JG: I know I would want to break bread with Stokely Carmichael a.k.a. Kwame Ture, Angela Davis. That's who I want to be breaking bread with, the elders, and soaking it in to bring light to the future.
LW: I'm going to have beautiful women of color at the dinner, such as Afeni Shakur, Assata Shakur, you know what I mean? I want Michelle Obama to pull up on the kids, you feel me? I just want our mothers to be there. My mother, especially.
The dress code is elite. Textures. There’ll be Rick, lots of Rick. Dries silks. Supreme swim trunks. Pyer Moss slides. Wales Bonner. Every Black designer you can think of. We not wearing clothes, we wearing conversation pieces. Going to be kids there, kids running around in the back, staying out of adults’ business. We going to have card games, we going to be shooting Cee-lo, dominos, feel me? We going to go party like it's the last party before the next pandemic, and then we going to get it in. It's going to be great conversation, and it's going to be a lot of smiles. We'll see a lot of teeth.
Would guests leave with anything, or just the memory of a good time?
LW: They going to leave with a lot of gems, man. We going to hit them with a lot of -isms.
JG: And because we got the revolutionaries, we going to let them leave how they came, but typically the guests would leave with lighter pockets than they came with, you dig?
Under the pines, I’m wearing a dress made of okra cloth, hand-dyed by myself with local indigo—dramatic-sleeved, cinched at the waist, an understated neckline—beneath stacked necklaces made from bone, and brass bracelets and jewelry from my grandmother and father on my hands.
Gabrielle E. W. Carter is a cultural preservationist and, since April, a co-founder of Tall Grass Food Box, a North Carolina–based CSA program to support and sustain Black farmers and their communities.

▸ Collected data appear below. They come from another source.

(* Let $\varphi\in\Xi_p$ be such that $\lim_{x\to0}\frac{\sqrt x}{\varphi(x)}=0$. Then for every $n\in\mathbb{N}$ the map \[ \Upsilon_n:\big(C_0([0,1],G(\mathbb{R}^d)),d_\infty\big)\to\big(C_0([0,1],G(\mathbb{R}^d)),d_\varphi\big) \] is continuous.
   Context: Fix $d\geq2$, $p\in(2,3)$. $G(\mathbb{R}^d)$ is the set of $g=(g^1,g^2)\in\mathbb{R}^d\oplus(\mathbb{R}^d\otimes\mathbb{R}^d)$ whose symmetric part of $g^2$ is $\frac12g^1\otimes g^1$, with product $g\otimes h=(g^1+h^1,g^2+g^1\otimes h^1+h^2)$, identity $(0,0)=:\exp(0)$, inverse $(g^1,g^2)^{-1}=(-g^1,-g^2+g^1\otimes g^1)$; $\exp(a^1,a^2)=(a^1,a^2+\frac12a^1\otimes a^1)$ for antisymmetric $a^2$, $\exp(x):=\exp(x,0)$; dilation $\delta_\lambda\exp(a^1,a^2)=\exp(\lambda a^1,\lambda^2a^2)$; $\|g\|=\inf\{\sum_i|x^i|:x^i\in\mathbb{R}^d,\exp(x^1)\otimes\cdots\otimes\exp(x^k)=g\}$. $C_0([0,1],G(\mathbb{R}^d))$: continuous paths with $\mathbf{x}_0=\exp(0)$; $\mathbf{x}_{s,t}=\mathbf{x}_s^{-1}\otimes\mathbf{x}_t$; $d_\infty(\mathbf{x},\mathbf{y})=\sup_{0\leq s<t\leq1}\|\mathbf{x}_{s,t}^{-1}\otimes\mathbf{y}_{s,t}\|$ and $d_\varphi(\mathbf{x},\mathbf{y})=\sup_{0\leq s<t\leq1}\|\mathbf{x}_{s,t}^{-1}\otimes\mathbf{y}_{s,t}\|/\varphi(t-s)$. $\Xi_p$: $\varphi:[0,1]\to[0,\infty)$ with $\varphi(0)=0$ and $\varphi^p$ strictly increasing and convex. $\Upsilon_n(\mathbf{x})$ is the path with $\Upsilon_n(\mathbf{x})_{k/2^n}=\mathbf{x}_{k/2^n}$ for $k=0,\dots,2^n$ and $\Upsilon_n(\mathbf{x})_{k/2^n,\,k/2^n+t}=\delta_{2^nt}(\mathbf{x}_{k/2^n,(k+1)/2^n})$ for $t\in[0,2^{-n}]$, $k=0,\dots,2^n-1$. *)

From HB Require Import structures.
From mathcomp Require Import all_boot all_order all_algebra.
From mathcomp Require Import all_classical all_reals all_analysis.
Set Implicit Arguments. Unset Strict Implicit. Unset Printing Implicit Defensive.
Import Order.TTheory GRing.Theory Num.Theory.
Import numFieldNormedType.Exports.
Local Open Scope classical_set_scope.
Local Open Scope ring_scope.

Section Carnot.
Variables (R : realType) (d : nat).

(* ambient space R^d (+) (R^d (x) R^d); R^d as row vectors, tensors as d x d matrices *)
Definition T2 := ('rV[R]_d * 'M[R]_d)%type.

Definition tens (a b : 'rV[R]_d) : 'M[R]_d := a^T *m b.

Definition inG (g : T2) : Prop :=
  (1 / 2%:R) *: (g.2 + g.2^T) = (1 / 2%:R) *: tens g.1 g.1 :> 'M[R]_d.

Definition gmul (g h : T2) : T2 := (g.1 + h.1, g.2 + tens g.1 h.1 + h.2).
Definition gone : T2 := (0, 0).
Definition ginv (g : T2) : T2 := (- g.1, - g.2 + tens g.1 g.1).

(* exp(a1,a2) = (a1, a2 + 1/2 a1 (x) a1) for antisymmetric a2; exp(x) := exp(x,0) *)
Definition gexp2 (a1 : 'rV[R]_d) (a2 : 'M[R]_d) : T2 := (a1, a2 + (1 / 2%:R) *: tens a1 a1).
Definition gexp (x : 'rV[R]_d) : T2 := gexp2 x 0.

(* dilation: delta_l exp(a1,a2) = exp(l a1, l^2 a2), with a2 the antisymmetric
   part of g^2 - 1/2 g^1 (x) g^1 (i.e. log g) *)
Definition glog (g : T2) : 'rV[R]_d * 'M[R]_d := (g.1, g.2 - (1 / 2%:R) *: tens g.1 g.1).
Definition dil (l : R) (g : T2) : T2 := gexp2 (l *: (glog g).1) (l ^+ 2 *: (glog g).2).

Definition enorm (x : 'rV[R]_d) : R := Num.sqrt (\sum_(i < d) x 0 i ^+ 2).

Definition ccnorm (g : T2) : R :=
  inf [set r : R | exists xs : seq 'rV[R]_d,
         xs != [::] /\ foldr gmul gone (map gexp xs) = g /\
         r = \sum_(x <- xs) enorm x].

(* paths are maps R -> T2, only their values on [0,1] matter *)
Definition C0path (x : R -> T2) : Prop :=
  {within `[0, 1], continuous x} /\ x 0 = gone /\
  (forall t, 0 <= t <= 1 -> inG (x t)).

Definition incr (x : R -> T2) (s t : R) : T2 := gmul (ginv (x s)) (x t).

Definition dinf (x y : R -> T2) : \bar R :=
  ereal_sup [set z | exists s t : R, 0 <= s /\ s < t /\ t <= 1 /\
     z = (ccnorm (gmul (ginv (incr x s t)) (incr y s t)))%:E].

Definition dphi (phi : R -> R) (x y : R -> T2) : \bar R :=
  ereal_sup [set z | exists s t : R, 0 <= s /\ s < t /\ t <= 1 /\
     z = (ccnorm (gmul (ginv (incr x s t)) (incr y s t)) / phi (t - s))%:E].

Definition Xi (p : R) (phi : R -> R) : Prop :=
  phi 0 = 0 /\ (forall x, 0 <= x <= 1 -> 0 <= phi x) /\
  (forall x y, 0 <= x <= 1 -> 0 <= y <= 1 -> x < y -> phi x `^ p < phi y `^ p) /\
  (forall x y l, 0 <= x <= 1 -> 0 <= y <= 1 -> 0 <= l <= 1 ->
     phi (l * x + (1 - l) * y) `^ p <= l * phi x `^ p + (1 - l) * phi y `^ p).

(* Upsilon_n: geodesic-type interpolation on dyadic intervals.
   For t in [k/2^n,(k+1)/2^n] (k = min(floor(2^n t), 2^n - 1)),
   Upsilon_n(x)_t = x_{k/2^n} (x) delta_{2^n t - k}(x_{k/2^n,(k+1)/2^n}). *)
Definition Ups (n : nat) (x : R -> T2) (t : R) : T2 :=
  let k := minn (Num.truncn (t * 2%:R ^+ n)) (2 ^ n - 1)%N in
  let a := k%:R / 2%:R ^+ n in
  let b := k.+1%:R / 2%:R ^+ n in
  gmul (x a) (dil (2%:R ^+ n * t - k%:R) (incr x a b)).

End Carnot.

From HB Require Import structures.
From mathcomp Require Import all_boot all_order all_algebra.
From mathcomp Require Import all_classical all_reals all_analysis.
From mathcomp Require Import ring lra zify.
Set Implicit Arguments. Unset Strict Implicit. Unset Printing Implicit Defensive.
Import Order.TTheory GRing.Theory Num.Theory.
Import numFieldNormedType.Exports.
Local Open Scope classical_set_scope.
Local Open Scope ring_scope.

(* On G(R^d) the Carnot-Caratheodory norm is equivalent to the homogeneous quasi-norm
   hnorm g = |g^1|_1 + |g^2|_1^(1/2), which is quasi-subadditive, 1-homogeneous under
   dilations, and satisfies hnorm (h^-1 e h) <= hnorm e + (2 hnorm e hnorm h)^(1/2).
   Ups_n x only depends on x at the dyadic points j/2^n, where d_infty controls x^-1 y.
   If x^-1 y is of size tau^4 there, two conjugations, each costing a square root, make
   all increments of Ups_n x and Ups_n y O(tau)-close; this beats phi(t - s) when t - s
   is bounded below.  On a dyadic interval Ups_n z is a dilation curve, so its increments
   over [s, t] are O(sqrt (t - s)), and sqrt h = o(phi h) handles short intervals. *)

Section SqrtBounds.
Variable R : rcfType.
Implicit Types a b x y z : R.

Lemma sqrtr_le a b : 0 <= b -> a <= b ^+ 2 -> Num.sqrt a <= b.
Proof.
move=> b0 ab; apply: le_trans (ler_wsqrtr ab) _.
by rewrite sqrtr_sqr ger0_norm.
Qed.

Lemma sqrtrD3_le {x y z} : 0 <= x -> 0 <= y -> 0 <= z ->
  Num.sqrt (x + y + z) <= Num.sqrt x + Num.sqrt y + Num.sqrt z.
Proof.
move=> x0 y0 z0; apply: sqrtr_le; first by rewrite !addr_ge0 ?sqrtr_ge0.
have := sqr_sqrtr x0; have := sqr_sqrtr y0; have := sqr_sqrtr z0.
have := sqrtr_ge0 x; have := sqrtr_ge0 y; have := sqrtr_ge0 z.
set a := Num.sqrt x; set b := Num.sqrt y; set c := Num.sqrt z.
move=> ? ? ? <- <- <-; nra.
Qed.

Lemma sqrtrD_le {x y} : 0 <= x -> 0 <= y ->
  Num.sqrt (x + y) <= Num.sqrt x + Num.sqrt y.
Proof. by move=> x0 y0; have := sqrtrD3_le x0 y0 (lexx 0); rewrite sqrtr0 !addr0. Qed.

Lemma sqrtrM_le_add {a b} : 0 <= a -> 0 <= b -> Num.sqrt (a * b) <= a + b.
Proof. by move=> a0 b0; apply: sqrtr_le; nra. Qed.

End SqrtBounds.

Section L1Norm.
Variable R : numDomainType.

Definition l1norm {m n} (A : 'M[R]_(m, n)) : R := \sum_i \sum_j `|A i j|.

Lemma l1norm_ge0 {m n} (A : 'M[R]_(m, n)) : 0 <= l1norm A.
Proof. by apply: sumr_ge0 => i _; apply: sumr_ge0. Qed.

Lemma l1norm0 {m n} : l1norm (0 : 'M[R]_(m, n)) = 0.
Proof. by apply: big1 => i _; apply: big1 => j _; rewrite mxE normr0. Qed.

Lemma l1normD {m n} (A B : 'M[R]_(m, n)) : l1norm (A + B) <= l1norm A + l1norm B.
Proof.
rewrite /l1norm -big_split; apply: ler_sum => i _; rewrite -big_split.
by apply: ler_sum => j _; rewrite mxE ler_normD.
Qed.

Lemma l1normN {m n} (A : 'M[R]_(m, n)) : l1norm (- A) = l1norm A.
Proof. by apply: eq_bigr => i _; apply: eq_bigr => j _; rewrite mxE normrN. Qed.

Lemma l1normB {m n} (A B : 'M[R]_(m, n)) : l1norm (A - B) <= l1norm A + l1norm B.
Proof. by rewrite -(l1normN B); apply: l1normD. Qed.

Lemma l1normZ {m n} c (A : 'M[R]_(m, n)) : l1norm (c *: A) = `|c| * l1norm A.
Proof.
rewrite /l1norm mulr_sumr; apply: eq_bigr => i _; rewrite mulr_sumr.
by apply: eq_bigr => j _; rewrite mxE normrM.
Qed.

Lemma ler_entry_l1norm {m n} (A : 'M[R]_(m, n)) i j : `|A i j| <= l1norm A.
Proof.
rewrite /l1norm (bigD1 i) //= (bigD1 j) //= -addrA lerDl.
by rewrite addr_ge0 ?sumr_ge0 // => k _; apply: sumr_ge0.
Qed.

Lemma l1norm_row {n} (u : 'rV[R]_n) : l1norm u = \sum_j `|u 0 j|.
Proof. by rewrite /l1norm big_ord1. Qed.

Lemma l1norm_delta_row {n} (i : 'I_n) : l1norm (delta_mx 0 i : 'rV[R]_n) = 1.
Proof.
rewrite l1norm_row (bigD1 i) //= mxE !eqxx /= normr1.
by rewrite big1 ?addr0 // => k /negbTE ki; rewrite mxE ki normr0.
Qed.

End L1Norm.

Section Group.
Variables (R : realType) (d : nat).
Implicit Types (a b c e g h xs xt ys yt xa xb ya yb : T2 R d).
Local Notation gone := (@gone R d).

Lemma tensE (a b : 'rV[R]_d) i j : tens a b i j = a 0 i * b 0 j.
Proof. by rewrite /tens !mxE big_ord1 !mxE. Qed.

With a background in fashion design, Carter carries the cosmic energy of her family and Black women pioneers and innovators, from Edna Lewis to Mashama Bailey, into her work, which is “rooted in our ability to show up, grow food, feed our folk, and check in.”
For her dream dinner, Carter shells peas and cooks them down with okra and tomato. At the table down under the pines is Vertamae Smart-Grosvenor. Grosvenor, says Carter, was “a culinary Creole, cultural preservationist, a fashion icon from South Carolina who lived all over the world and really embodied the spirit a lot of us have in us, as Black Southern women who love fashion and love cooking and love writing and love expressing ourselves through these various mediums of art, and will umbrella all of that under ‘cultural preservationist.’ It's not easy to call yourself all of those individual titles.
“I've gone on this journey to preserve what I consider my culture as a Southern Black woman,” she continues. “These are things that I don't think were rightfully archived, which is why I'm doing the work I'm doing now: to try and preserve some of those stories, acknowledge some of those voices that otherwise are silenced by time.”
My ’fro is out and I've picked flowers, goldenrod and baby's breath from our yard, and dried it to put in my hair. My pockets in my apron are full of things: There's a wooden spoon, but there's also a pocket knife because we're picking up pinecones, and we're picking turnips out of the ground and cutting the greens off and shaving them at the table to go over our food.
And I have a hat, a purple lip, and fake lashes on, just because.